Berlin: eFahrzeuge erFAHREN

8. September 2015 Juliane Keine Kommentare

Am Freitag, den 9. Oktober 2015 veranstaltet die Berliner Agentur für Elektromobilität eMO auf dem EUREF Campus die zweite Auflage des ganztägigen eFlotten-Events “eFahrzeuge erFAHREN – Einsteigen & nachhaltig durchstarten”. Mit ihrem thematischen Fokus auf das Thema eFahrzeuge im Flotteneinsatz richtet sich die Veranstaltung vor allem an Flottenbetreiber, Fuhrparkmanager, Flotteneinkäufer und Dienstwagenmanager aus Verwaltung und Wirtschaft in Berlin und Brandenburg. Neben der Möglichkeit, eine möglichst breite Palette an serienmäßigen Elektrofahrzeugen aus dem Pkw- & Nutzfahrzeug-Bereich bei Testfahrten auszuprobieren, bietet ein informatives und spannendes Vortragsprogramm zahlreiche Informationen zu elektrifizierten Fahrzeugflotten.
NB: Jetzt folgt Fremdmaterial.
Lemma blocks6_complete B : is_block B -> exists2 q, q \in blocks6 & B = block_of q.
Proof.
case=> a [b [c [d [abcd ->]]]].
have normal (a' b' c' d' : 'I_6) : uniq [:: a'; b'; c'; d'] -> a' < b' -> c' < d' ->
    exists2 q, q \in blocks6 & K4e_edges a' b' c' d' = block_of q.
  move=> U ab cd; exists (a', b', c', d') => //; rewrite mem_filter.
  rewrite quad_uniqE U.
  by apply/allpairsP; exists ((a', b'), (c', d')); rewrite !mem_edges6.
have [/and3P[ab _ _] /and3P[_ _ cd]] := uniq4_neq abcd.
have Uba : uniq [:: b; a; c; d].
  by rewrite (perm_uniq (permEl (perm_catCA [:: b] [:: a] [:: c; d]))).
have Udc (x y : 'I_6) : uniq [:: x; y; c; d] -> uniq [:: x; y; d; c].
  rewrite (perm_uniq (_ : perm_eq [:: x; y; d; c] [:: x; y; c; d])) // !perm_cons.
  exact: permEl (perm_catC [:: d] [:: c]).
move: ab cd; rewrite !neq_ltn => /orP[ab|ba] /orP[cd|dc].
- exact: normal.
- by rewrite -K4e_edgesC34; apply: normal; rewrite ?Udc.
- by rewrite -K4e_edgesC12; apply: normal.
- by rewrite -K4e_edgesC12 -K4e_edgesC34; apply: normal; rewrite ?Udc.
Qed.

Definition quad_edges (q : quad) : seq ('I_6 * 'I_6) :=
  let: (a, b, c, d) := q in [:: (a, b); (a, c); (a, d); (b, c); (b, d)].

Definition same_pair (e p : 'I_6 * 'I_6) : bool :=
  (nat_of_ord e.1 == p.1) && (nat_of_ord e.2 == p.2).
Lemma is_lim_c6 : is_lim c6 p_infty 0.
Proof.
  root_facts.
  set (e1 := (lam - 1) * (1 - rho2) * beta). set (e2 := (lam * (1 - rho2) - (rho1 - rho2)) * beta).
  assert (he1 : e1 < 0) by (unfold e1; assert (0 < (1 - lam) * (1 - rho2) * beta) by
    (repeat apply Rmult_lt_0_compat; lra); nra).
  assert (he2 : e2 < 0) by (unfold e2; assert (lam * (1 - rho2) - (rho1 - rho2) < 0) by nra; nra).
  apply (is_lim_ext (fun h => Rpower (1 - lam) (rho1 - rho2) / ((rho1 - rho2) * beta * r)
    * (1 / (1 - rho2) * exp (e1 * h) + - (lam / (lam * (1 - rho2) - (rho1 - rho2))) * exp (e2 * h)))).
  { intros h. unfold C6def, e1, e2. f_equal. rewrite !Rmult_assoc. ring. }
  apply is_lim_scal_0. replace (Finite 0) with (Finite (0 + 0)) by (f_equal; ring).
  apply is_lim_plus'; apply is_lim_scal_0, is_lim_exp_neg_mult, is_lim_id; assumption.
Qed.

Lemma is_derive_v3_h (C5 C6 : R -> R) (d5 d6 y h : R) :
  is_derive C5 h d5 -> is_derive C6 h d6 ->
  is_derive (fun k => V3 C5 C6 y k) h
    (d5 * Rpower y rho1 + d6 * Rpower y rho2 - / r * y - / (r * beta) * ((lam - 1) * beta * ylo h)).
Proof.
  intros D5 D6. unfold v3. auto_derive.
  - split; [exists d5; exact D5 | split; [exists d6; exact D6 | exact I]].
  - replace (Derive (fun x : R => C5 x) h) with d5 by (symmetry; apply is_derive_unique, D5).
    replace (Derive (fun x : R => C6 x) h) with d6 by (symmetry; apply is_derive_unique, D6).
    field. lra.
Qed.

(* By [is_derive_v3_h], the left-hand side is the h-derivative of [v3 c5 c6] at fixed y = ybdry h. *)
Lemma free_boundary_identity h :
  dc5 h * Rpower (yfb h) rho1 + dc6 h * Rpower (yfb h) rho2
  - / r * yfb h - / (r * beta) * ((lam - 1) * beta * ylo h) = 0.
Proof.
  root_facts. assert (hk := kappa_sq r mu sigma hr hmu hsigma).
  unfold ybdry, dc5, dc6.
  rewrite <- !Rpower_mult_distr by (auto; try lra; apply exp_pos).
  rewrite !Rpower_exp.
  replace (Rpower (1 - lam) (rho1 - rho2)) with (Rpower (1 - lam) rho1 / Rpower (1 - lam) rho2)
    by (unfold Rminus, Rdiv; rewrite Rpower_plus, Rpower_Ropp; reflexivity).
  set (u := (lam - 1) * beta * h).
  rewrite (exp_sub_eq ((lam - 1) * (1 - rho1) * beta * h) u (rho1 * u)) by (unfold u; ring).
  rewrite (exp_sub_eq (lam * (1 - rho1) * beta * h) (u + beta * h) (rho1 * u + rho1 * beta * h))
    by (unfold u; ring).
  rewrite (exp_sub_eq ((lam - 1) * (1 - rho2) * beta * h) u (rho2 * u)) by (unfold u; ring).
  rewrite (exp_sub_eq ((lam * (1 - rho2) - (rho1 - rho2)) * beta * h) (u + beta * h)
             (rho2 * u + rho1 * beta * h)) by (unfold u; ring).
  rewrite !exp_plus, hk.
  replace rho2 with (1 - rho1) by lra.
  assert (P1 := exp_pos (rho1 * u)). assert (P2 := exp_pos ((1 - rho1) * u)).
  assert (P3 := exp_pos (rho1 * beta * h)).
  assert (P4 : 0 < Rpower (1 - lam) (1 - rho1)) by apply exp_pos.
  field. repeat split; try lra; nra.
Qed.

Lemma free_boundary_explicit h : deriv_nonneg (fun k => V3 c5 c6 (yfb h) k) h 0.
Proof.
  rewrite <- (free_boundary_identity h).
  apply deriv_nonneg_of_is_derive, is_derive_v3_h; [apply is_derive_c5 | apply is_derive_c6].
Qed.

Lemma is_derive_C6_of_free_boundary (C5 C6 : R -> R) h : 0 < h ->
  (forall k, 0 < k -> C5 k = c5 k) ->
  deriv_nonneg (fun k => V3 C5 C6 (yfb h) k) h 0 -> is_derive C6 h (dc6 h).
Proof.
  intros hh E5 Dfb.
  assert (D5 : is_derive C5 h (dc5 h)).
  { apply (is_derive_ext_loc c5); [| apply is_derive_c5].
    apply (filter_imp (fun k => 0 < k)); [| exact (open_gt 0 h hh)].
    intros k hk. symmetry. exact (E5 k hk). }
  assert (DA := is_derive_v3_h C5 (fun _ => 0) _ 0 (yfb h) h D5 (is_derive_const 0 h)).
  assert (HP : Rpower (yfb h) rho2 <> 0) by apply Rgt_not_eq, exp_pos.
  assert (DS : is_derive (fun k => V3 C5 (fun _ => 0) (yfb h) k + C6 k * Rpower (yfb h) rho2) h 0).
  { apply (is_derive_ext (fun k => V3 C5 C6 (yfb h) k)).
    - intros k. unfold v3. match goal with |- ?u = ?w => change (@eq R u w) end. ring.
    - exact (is_derive_of_deriv_nonneg _ _ _ hh Dfb). }
  assert (DC6 := is_derive_factor _ _ _ _ _ _ HP DA DS).
  replace (dc6 h) with ((0 - (dc5 h * Rpower (yfb h) rho1 + 0 * Rpower (yfb h) rho2 - / r * yfb h
                              - / (r * beta) * ((lam - 1) * beta * ylo h))) / Rpower (yfb h) rho2);
    [exact DC6 |].
  generalize (free_boundary_identity h). intros I.
  apply (Rmult_eq_reg_r (Rpower (yfb h) rho2)); [| exact HP].
  unfold Rdiv. rewrite Rmult_assoc, Rinv_l, Rmult_1_r by exact HP. lra.
Qed.

(* Condition (c) gives C6' = c6' on (0, oo), and condition (d) fixes the constant. *)
Lemma C6_eq_c6 (C5 C6 : R -> R) :
  (forall k, 0 < k -> C5 k = c5 k) ->
  (forall h, 0 <= h -> deriv_nonneg (fun k => V3 C5 C6 (yfb h) k) h 0) ->
  is_lim C6 p_infty 0 -> forall h, 0 < h -> C6 h = c6 h.
Proof.
  intros E5 Hfb Hlim h hh. apply Rminus_diag_uniq.
  apply (eq_0_of_derive_0_of_lim_0 (fun k => C6 k - c6 k)); [| | exact hh].
  - intros k hk.
    assert (D := is_derive_minus _ _ _ _ _
                   (is_derive_C6_of_free_boundary C5 C6 k hk E5 (Hfb k ltac:(lra))) (is_derive_c6 k)).
    replace 0 with (minus (dc6 k) (dc6 k)) by (unfold minus, plus, opp; simpl; ring). exact D.
  - replace (Finite 0) with (Finite (0 - 0)) by (f_equal; ring).
    apply is_lim_minus'; [exact Hlim | exact is_lim_c6].
Qed.

Lemma condition_a_explicit (C2 C3 C4 C5 C6 : R -> R) h : 0 <= h ->
  is_lim (fun y => V (fun _ => 0) C2 C3 C4 C5 C6 y h
                   - y * Derive (fun z => V (fun _ => 0) C2 C3 C4 C5 C6 z h) y)
    p_infty (- / (r * beta) * yhi h).
Proof.
  intros hh. root_facts. apply condition_a_iff; [exact hh |].
  apply (is_lim_ext (fun y => C2 h * (1 - rho2) * Rpower y rho2)); [intros y; ring |].
  apply is_lim_scal_0, is_lim_Rpower_neg. assumption.
Qed.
In der begleitenden Ausstellung stehen zudem kompetente Fachleute zu den verschiedensten Themen Rede und Antwort und beraten Sie gerne vor Ort. Nutzen Sie die Gelegenheit, mit den Herstellern und Dienstleistern ins Gespräch zu kommen und lassen Sie sich attraktive alltagstaugliche Möglichkeiten zur Elektrifizierung Ihres Fuhrparks praxisnah vorführen. Details zum Veranstaltungsablauf sowie zum Anmeldeschluss finden Sie hier.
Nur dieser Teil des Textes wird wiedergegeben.